Utilização de métodos de interrogatório como a tortura bate de frente com dogmas éticos estabelecidos e corrompe a moral do Ocidente

SLAVOJ ZIZEK
COLUNISTA DA FOLHA

Quando a confissão de Khalid Shaikh Mohammed [responsabilizando-se pelos atentados do 11 de Setembro, segundo depoimento de 10/3 divulgado pelo Pentágono] dominou as manchetes dos jornais, o sentimento de ultraje moral diante da extensão de seus crimes se misturou à dúvida: é possível confiar em sua confissão?
E se ele tiver confessado mais do que realmente fez, seja pelo desejo vaidoso de ser lembrado como o grande arquiteto terrorista, seja porque se dispôs a confessar fosse o que fosse para deixar de ser submetido ao afogamento simulado ou outras "técnicas de interrogatório reforçadas"?
O que atraiu muito menos a atenção foi o fato simples de que, pela primeira vez, a tortura estava sendo normalizada, apresentada e aceita como tal.
A resposta popular e aparentemente convincente dada a quem se preocupa com esse fato é: "Para que essa reação toda? Os EUA estão agora admitindo (semi)abertamente não só o que vinham fazendo o tempo todo mas o que todos os outros Estados fazem e vinham fazendo o tempo todo. No mínimo se pode afirmar que agora a hipocrisia é menor".
A isso, devemos replicar com uma contrapergunta simples: se os altos representantes dos EUA querem dizer apenas isso, então por que estão nos contando isso? Por que não continuam simplesmente fazendo isso em silêncio, como fizeram até agora?

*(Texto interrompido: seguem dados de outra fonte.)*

Lemma blocks_ok_dominated k : (forall j, j <= i -> 2 * j <= prefix_card S (4 * j)) ->
  (forall j, j < i -> block_ok S j (bitj i k j)) -> dominated (roof i k) S.
Proof.
move=> boundary blocks t; case: (leqP (4 * i) t) => [le_t | lt_t].
  rewrite prefix_card_out // prefix_card_roof //.
  exact: leq_trans (boundary i (leqnn i)) (leq_prefix_card _ le_t).
have lt_j : t %/ 4 < i by lia.
have lt_r : t %% 4 < 4 by rewrite ltn_pmod.
rewrite (divn_eq t 4) [_ * 4]mulnC; move: (t %/ 4) (t %% 4) lt_j lt_r => j r lt_ji lt_r4.
have [c1 c2 c3 _] := prefix_card_roof_step k lt_ji.
have c0 := prefix_card_roof k (ltnW lt_ji).
have := boundary j (ltnW lt_ji); have := blocks j lt_ji; rewrite /block_ok.
have mono u v : u <= v -> prefix_card S (4 * j + u) <= prefix_card S (4 * j + v).
  by move=> le_uv; rewrite leq_prefix_card ?leq_add2l.
have := mono 0 1 isT; have := mono 1 2 isT; have := mono 2 3 isT.
case: r lt_r4 => [|[|[|[|r]]]] // _; rewrite ?addn0 ?c1 ?c2 ?c3 c0;
  by case: (bitj i k j) => /=; lia.
Qed.

End Ceiling.

Lemma card_set_le2 (T : finType) (P : pred T) x y :
  (forall z, P z -> z = x \/ z = y) -> #|[set z | P z]| <= 2.
Proof.
move=> Pxy; apply: leq_trans (_ : #|[set x; y]| <= 2).
  apply/subset_leq_card/subsetP => z; rewrite inE => /Pxy[->|->];
    by rewrite !inE eqxx ?orbT.
by rewrite cards2 ltnS leq_b1.
Qed.

Theorem lemma3 (i : nat) (hi : 1 <= i) (S : {set 'I_(4 * i)}) :
  ceiling S -> #|[set S' | direct_left_shift S S']| <= 2.
Proof.
move=> ceilS; suff [a [b shifts_ab]] : exists a b, forall S',
    direct_left_shift S S' -> S' = shift_at S a \/ S' = shift_at S b.
  exact: card_set_le2 shifts_ab.
have shift_dom S' := @ceiling_shift_dominated i S S' ceilS.
case: (boolP [exists j : 'I_i.+1, prefix_card S (4 * j) < 2 * j]) =>
    [/existsP [j lt_S] | /existsPn boundary].
  exists (4 * j), (4 * j) => S' /shift_dom [a [-> [k _ dom_a]]]; left.
  by rewrite (boundary_deficit_shift dom_a (ltn_ord j) lt_S).
case: (boolP [exists j : 'I_i, ~~ block_ok S j false && ~~ block_ok S j true]) =>
    [/existsP [j /andP [not_ok0 not_ok1]] | /existsPn blocks].
  exists (4 * j + 1), (4 * j + 3) => S' /shift_dom [a [-> [k _ dom_a]]].
  by case: (block_deficit_shift dom_a (ltn_ord j) not_ok0 not_ok1) => ->; [left | right].
have [k lt_k bits_k] := exists_bitj i (block_ok S ^~ true).
case/andP: ceilS => /andP [/negP losing _] _; case: losing; apply/winningP.
exists k => //; apply: blocks_ok_dominated => [j le_ji | j lt_ji].
  by move: (boundary (Ordinal (le_ji : j < i.+1))); rewrite -leqNgt.
rewrite bits_k //; case: (boolP (block_ok S j true)) => // not_ok1.
by move: (blocks (Ordinal lt_ji)); rewrite not_ok1 andbT negbK.
Qed.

Na comunicação humana, afirmar abertamente algo que "todos sabemos" nunca é um fato neutro. Um ato desse tipo sempre suscita a pergunta: "Você diz isso, mas por que me está contando abertamente agora?".
Imaginemos um marido e uma mulher que vivem dentro do acordo tácito de que podem manter casos extraconjugais discretos. Se, de uma hora para outra, o marido contar abertamente a sua mulher sobre um caso que está tendo, ela terá bons motivos para entrar em pânico: "Se é apenas um caso, por que você está me contando isso? Deve ser mais do que isso!".

Elegância retórica
Do mesmo modo, no mundo acadêmico, uma maneira cortês de dizer que achamos a palestra ou a intervenção de um colega estúpida ou maçante é dizer: "Foi interessante". Se, em lugar disso, disséssemos ao colega francamente "foi maçante e estúpida", ele estaria plenamente justificado se ficasse espantado e indagasse: "Se você a achou maçante e estúpida, por que não disse simplesmente que foi interessante?".

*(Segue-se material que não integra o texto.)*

(* Suppose some h in H moves a coordinate i and let D, with |D| >= 2, be the
   orbit of i under the permutations that H induces on the coordinates. The
   kernel L of H on D is normal, hence has a direct complement X in the
   characteristically simple group H, and X alone moves i around D. L fixes i,
   so it acts on the i-th factor Gamma; if t0 has an L-orbit of size s, spreading
   t0 over D with elements of X gives a point of Gamma^D whose stabiliser in H
   contains that of t0 in L. By transitivity |Gamma|^|D| divides |H : L| s, and
   |H : L| divides |D|!, so Legendre's bound on the valuations of |D|! forces
   s = |Gamma| = 2. But L is a direct factor of the perfect group H, hence
   perfect, hence trivial on a 2-element set, contradicting s = 2. *)


Lemma logn_fact_partial_le p l m : 1 < p ->
  p.-1 * (\sum_(1 <= k < m.+1) l %/ p ^ k) + l %/ p ^ m <= l.
Proof.
move=> p_gt1; elim: m => [|m IHm]; first by rewrite big_geq // muln0 expn0 divn1.
rewrite big_nat_recr //= mulnDr -addnA.
have -> : p.-1 * (l %/ p ^ m.+1) + l %/ p ^ m.+1 = p * (l %/ p ^ m.+1).
  by rewrite -{2}(mul1n (l %/ _)) -mulnDl addn1 prednK // ltnW.
apply: leq_trans IHm; rewrite leq_add2l.
by rewrite expnSr divnMA mulnC leq_divM.
Qed.

Lemma logn_fact_lt p l : prime p -> 0 < l -> p.-1 * logn p l`! < l.
Proof.
move=> p_pr l_gt0; have p_gt1 := prime_gt1 p_pr.
set m := trunc_log p l.
have le_pm_l : p ^ m <= l by apply: trunc_logP.
have lt_l_pm : l < p ^ m.+1 by apply: trunc_log_ltn.
have lt_m_l : m < l by apply: leq_trans (ltn_expl _ p_gt1) le_pm_l.
rewrite logn_fact // (big_cat_nat _ (n := m.+1)) //=; last by rewrite ltnS ltnW.
have -> : \sum_(m.+1 <= k < l.+1) l %/ p ^ k = 0.
  rewrite big_nat big1 // => k /andP[lt_mk _]; apply: divn_small.
  by apply: leq_trans lt_l_pm _; rewrite leq_exp2l.
rewrite addn0.
have := logn_fact_partial_le l m p_gt1.
have : 0 < l %/ p ^ m by rewrite divn_gt0 ?expn_gt0 ?(ltnW p_gt1).
lia.
Qed.

Lemma expn_dvdn_fact_mul n l s : 1 < n -> 1 < l -> 0 < s -> s <= n ->
  n ^ l %| l`! * s -> s = n /\ n = 2.
Proof.
move=> n_gt1 l_gt1 s_gt0 le_sn dvd_nl.
have logn_le p : prime p -> l * logn p n <= logn p s + logn p l`!.
  move=> p_pr; rewrite -lognX addnC -lognM ?fact_gt0 //.
  by apply: dvdn_leq_log; rewrite ?muln_gt0 ?fact_gt0.
have legendre p : prime p -> p.-1 * logn p l`! <= l.-1.
  by move=> p_pr; have := logn_fact_lt p_pr (ltnW l_gt1); lia.
have dvd_ns : n %| s.
  apply/dvdn_partP => [|p]; first lia.
  rewrite mem_primes => /and3P[p_pr _ _]; rewrite p_part pfactor_dvdn //.
  have := logn_le p p_pr; have := legendre p p_pr; have := prime_gt1 p_pr.
  move: (logn p n) (logn p s) (logn p l`!) => e f v; nia.
have def_s : s = n by apply/eqP; rewrite eqn_leq le_sn dvdn_leq.
split=> //; subst s.
have prime_div p : prime p -> p %| n -> p = 2 /\ logn p n = 1.
  move=> p_pr dvd_pn.
  have : 0 < logn p n by rewrite logn_gt0 mem_primes p_pr dvd_pn; lia.
  have := logn_le p p_pr; have := legendre p p_pr; have := prime_gt1 p_pr.
  move: (logn p n) (logn p l`!) => e v; nia.
have n2 : 2.-nat n.
  by apply/pnatP => [|p p_pr /(prime_div p p_pr)[-> _]]; rewrite ?inE //; lia.
have [q q_pr dvd_qn] := pdivP n_gt1; have [q2 logn_n] := prime_div q q_pr dvd_qn.
by rewrite -(part_pnat_id n2) p_part -q2 logn_n q2.
Qed.

Local Open Scope group_scope.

O colega infeliz estaria certo ao interpretar que a declaração mais direta envolve algo mais, não só um comentário sobre a qualidade de sua fala mas um ataque contra sua própria pessoa.
A mesma coisa se aplica às recentes admissões abertas de tortura. Quando, em novembro de 2005, o vice-presidente dos EUA Dick Cheney disse que derrotar terroristas implica que "também precisamos trabalhar (...) mais ou menos do lado escuro... Muito do que precisa ser feito aqui terá que ser feito na surdina, sem qualquer comentário", deveríamos ter lhe perguntado: "Se o sr. quer apenas torturar secretamente alguns suspeitos de terrorismo, por que o está dizendo publicamente?".

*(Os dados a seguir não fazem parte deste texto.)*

(* Let $V:S^1\to\mathbb R$ be continuous and odd, and for $D\ge0$ let $c_k=-(2\pi k)^2D+4\pi k v_k$ with $v_k=\int_0^{1/2}V(\theta)\sin(2\pi k\theta)\,d\theta$. (a) If $V>0$ on $\left]0,\tfrac12\right[$, then $c_1>0$ for all sufficiently small $D\ge 0$. (b) Suppose there is $\theta_0\in\left]0,\tfrac12\right[$ such that $V>0$ on $\left]0,\theta_0\right[$, $V(\theta_0)=0$, $V<0$ on $\left]\theta_0,\tfrac12\right[$, and $V(\theta)\ge V(\tfrac12-\theta)$ for all $\theta\in\left]\min(\theta_0,\tfrac12-\theta_0),\tfrac14\right[$. Then $c_2>0$ for all sufficiently small $D\ge0$.
   Context: $S^1=\mathbb R/\mathbb Z$; a function on $S^1$ is identified with a 1-periodic function on $\mathbb R$. The numbers $c_k$ are the eigenvalues of the linearization of the equation $\partial_t f=D\partial_\theta^2 f+\partial_\theta((V*f)f)$, $(V*f)(\theta)=\int_{S^1}V(\theta-\psi)f(\psi)d\psi$, around the constant solution $f\equiv1$. *)

From Stdlib Require Import Reals.
Open Scope R_scope.

Definition vk_integrand (V : R -> R) (k : nat) : R -> R :=
  fun t => V t * sin (2 * PI * INR k * t).

Definition ck (D : R) (k : nat) (vk : R) : R :=
  - (2 * PI * INR k) ^ 2 * D + 4 * PI * INR k * vk.

From Stdlib Require Import Reals Lra Lia.
From Coquelicot Require Import Coquelicot.
Open Scope R_scope.

(* Since c_k = 4 pi k (v_k - pi k D), c_k > 0 for all 0 <= D < v_k / (pi k)
   as soon as v_k > 0; so both parts reduce to the positivity of a Fourier
   coefficient v_k (lemma [ck_pos_small_D]).  The integrals are handled with
   Coquelicot's total integral [RInt], which agrees with [RiemannInt].
   (a) On ]0,1/2[ both V and sin(2 pi theta) are positive, so v_1 > 0.
   (b) The reflection theta |-> 1/2 - theta maps [1/4,1/2] onto [0,1/4] and
       changes the sign of sin(4 pi theta), hence
         v_2 = int_0^{1/4} (V(theta) - V(1/2 - theta)) sin(4 pi theta).
       With m = min(theta0, 1/2 - theta0) the integrand is > 0 on ]0,m[
       (V(theta) > 0 > V(1/2 - theta)) and >= 0 on ]m,1/4[ (symmetry
       hypothesis), so v_2 > 0. *)

Lemma ck_pos_small_D (k : nat) (v : R) : (0 < k)%nat -> v > 0 ->
  exists D0, D0 > 0 /\ forall D, 0 <= D < D0 -> ck D k v > 0.
Proof.
  intros Hk Hv.
  set (a := PI * INR k).
  assert (Ha : 0 < a).
  { apply Rmult_lt_0_compat; [apply PI_RGT_0 | apply lt_0_INR; lia]. }
  exists (v / a). split.
  - apply Rdiv_lt_0_compat; lra.
  - intros D [HD0 HDa].
    assert (HaD : a * D < v).
    { apply (Rmult_lt_compat_l a) in HDa; [|lra].
      replace (a * (v / a)) with v in HDa by (field; lra). lra. }
    unfold ck.
    replace (- (2 * PI * INR k) ^ 2 * D + 4 * PI * INR k * v)
      with (4 * a * (v - a * D)) by (unfold a; ring).
    apply Rmult_lt_0_compat; lra.
Qed.

Lemma sin_pos_half_period (k : nat) (t : R) :
  0 < INR k * t < 1/2 -> 0 < sin (2 * PI * INR k * t).
Proof.
  intros Hkt. pose proof PI_RGT_0. apply sin_gt_0; nra.
Qed.

Lemma continuous_of_continuity (f : R -> R) :
  continuity f -> forall x, continuous f x.
Proof. intros Hf x. apply continuity_pt_filterlim, Hf. Qed.

Lemma continuous_affine (u c x : R) : continuous (fun t => u * t + c) x.
Proof.
  apply (@ex_derive_continuous R_AbsRing R_NormedModule). auto_derive. auto.
Qed.

Lemma continuous_reflect (f : R -> R) (c : R) :
  (forall x, continuous f x) -> forall x, continuous (fun t => f (c - t)) x.
Proof.
  intros Hf x.
  apply (continuous_ext (fun t => f (-1 * t + c))); [intros t; f_equal; ring |].
  apply (continuous_comp (fun t => -1 * t + c) f); [apply continuous_affine | apply Hf].
Qed.

Lemma continuous_sin_linear (c x : R) : continuous (fun t => sin (c * t)) x.
Proof.
  apply (@ex_derive_continuous R_AbsRing R_NormedModule). auto_derive. auto.
Qed.

Lemma vk_integrand_continuous (V : R -> R) (k : nat) :
  continuity V -> forall x, continuous (vk_integrand V k) x.
Proof.
  intros HV x. apply (continuous_mult V (fun t => sin (2 * PI * INR k * t))).
  - apply continuous_of_continuity, HV.
  - apply continuous_sin_linear.
Qed.

Lemma ex_RInt_everywhere_continuous (f : R -> R) (a b : R) :
  (forall x, continuous f x) -> ex_RInt f a b.
Proof. intros Hf. apply (@ex_RInt_continuous R_CompleteNormedModule); auto. Qed.

Lemma RInt_reflect (f : R -> R) (c a b : R) :
  (forall x, continuous f x) ->
  RInt f (c - b) (c - a) = RInt (fun t => f (c - t)) a b.
Proof.
  intros Hf.
  assert (Hfr : forall x, continuous (fun t => f (-1 * t + c)) x).
  { intros x. apply (continuous_ext (fun t => f (c - t))); [intros t; f_equal; ring |].
    apply continuous_reflect, Hf. }
  replace (c - b) with (-1 * b + c) by ring.
  replace (c - a) with (-1 * a + c) by ring.
  rewrite <- opp_RInt_swap by (apply ex_RInt_everywhere_continuous; auto).
  rewrite <- RInt_comp_lin by (apply ex_RInt_everywhere_continuous; auto).
  rewrite <- RInt_opp.
  2:{ apply ex_RInt_everywhere_continuous. intros x.
      apply (continuous_scal_r (-1) (fun t => f (-1 * t + c))), Hfr. }
  apply RInt_ext. intros x _. unfold scal, opp; simpl; unfold mult; simpl.
  replace (-1 * x + c) with (c - x) by ring. ring.
Qed.

Lemma sin_4pi_reflect (t : R) :
  sin (2 * PI * INR 2 * (1/2 - t)) = - sin (2 * PI * INR 2 * t).
Proof.
  replace (2 * PI * INR 2 * (1/2 - t)) with (- (2 * PI * INR 2 * t) + 2 * INR 1 * PI)
    by (simpl; field).
  rewrite sin_period. apply sin_neg.
Qed.

Lemma v2_folded (V : R -> R) : continuity V ->
  RInt (vk_integrand V 2) 0 (1/2) =
  RInt (fun t => (V t - V (1/2 - t)) * sin (2 * PI * INR 2 * t)) 0 (1/4).
Proof.
  intros HV.
  set (g := vk_integrand V 2).
  assert (Hg : forall x, continuous g x) by (apply vk_integrand_continuous; auto).
  rewrite <- (RInt_Chasles g 0 (1/4) (1/2))
    by (apply ex_RInt_everywhere_continuous; auto).
  replace (RInt g (1/4) (1/2)) with (RInt (fun t => g (1/2 - t)) 0 (1/4)).
  2:{ rewrite <- RInt_reflect by auto. f_equal; field. }
  rewrite <- (RInt_plus g)
    by (apply ex_RInt_everywhere_continuous; auto using continuous_reflect).
  apply RInt_ext. intros x _. unfold g, vk_integrand, plus; simpl; fold (INR 2).
  rewrite sin_4pi_reflect. ring.
Qed.

Lemma v1_pos (V : R -> R) : continuity V ->
  (forall t, 0 < t < 1/2 -> V t > 0) ->
  0 < RInt (vk_integrand V 1) 0 (1/2).
Proof.
  intros HV Hpos. apply RInt_gt_0; [lra | |].
  - intros x Hx. unfold vk_integrand. apply Rmult_lt_0_compat.
    + apply Hpos; auto.
    + apply sin_pos_half_period. rewrite INR_1. lra.
  - intros x _. apply vk_integrand_continuous; auto.
Qed.

Lemma v2_pos (V : R -> R) (theta0 : R) : continuity V ->
  0 < theta0 < 1/2 ->
  (forall t, 0 < t < theta0 -> V t > 0) ->
  (forall t, theta0 < t < 1/2 -> V t < 0) ->
  (forall t, Rmin theta0 (1/2 - theta0) < t < 1/4 -> V t >= V (1/2 - t)) ->
  0 < RInt (vk_integrand V 2) 0 (1/2).
Proof.
  intros HV Hth Hpos Hneg Hsym. rewrite v2_folded by auto.
  set (h := fun t => (V t - V (1/2 - t)) * sin (2 * PI * INR 2 * t)).
  assert (Hh : forall x, continuous h x).
  { assert (HVc := continuous_of_continuity V HV).
    intros x. apply (continuous_mult (fun t => V t - V (1/2 - t))).
    - apply (@continuous_minus R_UniformSpace R_AbsRing R_NormedModule); auto.
      apply (continuous_reflect V (1/2) HVc).
    - apply continuous_sin_linear. }
  assert (Hsin : forall t, 0 < t < 1/4 -> 0 < sin (2 * PI * INR 2 * t)).
  { intros t Ht. apply sin_pos_half_period. simpl. lra. }
  set (m := Rmin theta0 (1/2 - theta0)).
  assert (Hm : 0 < m <= theta0 /\ m <= 1/2 - theta0).
  { unfold m, Rmin. destruct Rle_dec; lra. }
  rewrite <- (RInt_Chasles h 0 m (1/4))
    by (apply ex_RInt_everywhere_continuous; auto).
  assert (Hnear : 0 < RInt h 0 m).
  { apply RInt_gt_0; [lra | | auto]. intros x Hx. unfold h.
    assert (V x > 0) by (apply Hpos; lra).
    assert (V (1/2 - x) < 0) by (apply Hneg; lra).
    apply Rmult_lt_0_compat; [lra | apply Hsin; lra]. }
  assert (Hfar : 0 <= RInt h m (1/4)).
  { apply RInt_ge_0; [lra | apply ex_RInt_everywhere_continuous; auto |].
    intros x Hx. unfold h.
    assert (V x >= V (1/2 - x)) by (apply Hsym; unfold m in Hx; lra).
    apply Rmult_le_pos; [lra | apply Rlt_le, Hsin; lra]. }
  unfold plus; simpl. lra.
Qed.

Theorem mainTheorem3 (V : R -> R)
  (HVcont : continuity V)
  (HVper : forall x, V (x + 1) = V x)
  (HVodd : forall x, V (- x) = - V x)
  (pr1 : Riemann_integrable (vk_integrand V 1) 0 (1/2))
  (pr2 : Riemann_integrable (vk_integrand V 2) 0 (1/2)) :
  ((forall t, 0 < t < 1/2 -> V t > 0) ->
     exists D0, D0 > 0 /\
       forall D, 0 <= D < D0 -> ck D 1 (RiemannInt pr1) > 0)
  /\
  (forall theta0, 0 < theta0 < 1/2 ->
     (forall t, 0 < t < theta0 -> V t > 0) ->
     V theta0 = 0 ->
     (forall t, theta0 < t < 1/2 -> V t < 0) ->
     (forall t, Rmin theta0 (1/2 - theta0) < t < 1/4 -> V t >= V (1/2 - t)) ->
     exists D0, D0 > 0 /\
       forall D, 0 <= D < D0 -> ck D 2 (RiemannInt pr2) > 0).
Proof.
  split.
  - intros Hpos. apply ck_pos_small_D; [lia |].
    rewrite <- RInt_Reals. apply v1_pos; auto.
  - intros theta0 Hth Hpos _ Hneg Hsym. apply ck_pos_small_D; [lia |].
    rewrite <- RInt_Reals. apply (v2_pos V theta0); auto.
Qed.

O que está acontecendo aqui de fato? Alguns observadores perspicazes tomaram nota do fato esdrúxulo de que, com todo o ultraje público em torno dos crimes hediondos de Mohammed, muito pouco foi ouvido sobre o destino que nossas sociedades reservam aos criminosos mais endurecidos: serem julgados e punidos com severidade.
Foi como se, pela própria natureza de seus atos (e também pela natureza do tratamento ao qual foi submetido pelas autoridades americanas), não fosse possível fazer a Mohammed o que podemos fazer até mesmo ao mais vil dos assassinos de crianças.
É como se a conseqüência da infame designação "combatentes ilegais" fosse que a luta contra eles também precisa ser travada na zona cinzenta da legalidade, usando meios ilegais. Assim, na prática, temos criminosos "legais" e outros "ilegais": aqueles que devem ser tratados com procedimentos legais (usando advogados etc.) e os que ficam fora da legalidade.
Será que temos consciência de que o julgamento e a punição legal de Mohammed perderam o sentido? Que nenhum tribunal que opera dentro da estrutura de nosso sistema legal pode lidar com detenções ilegais, confissões obtidas por tortura etc.?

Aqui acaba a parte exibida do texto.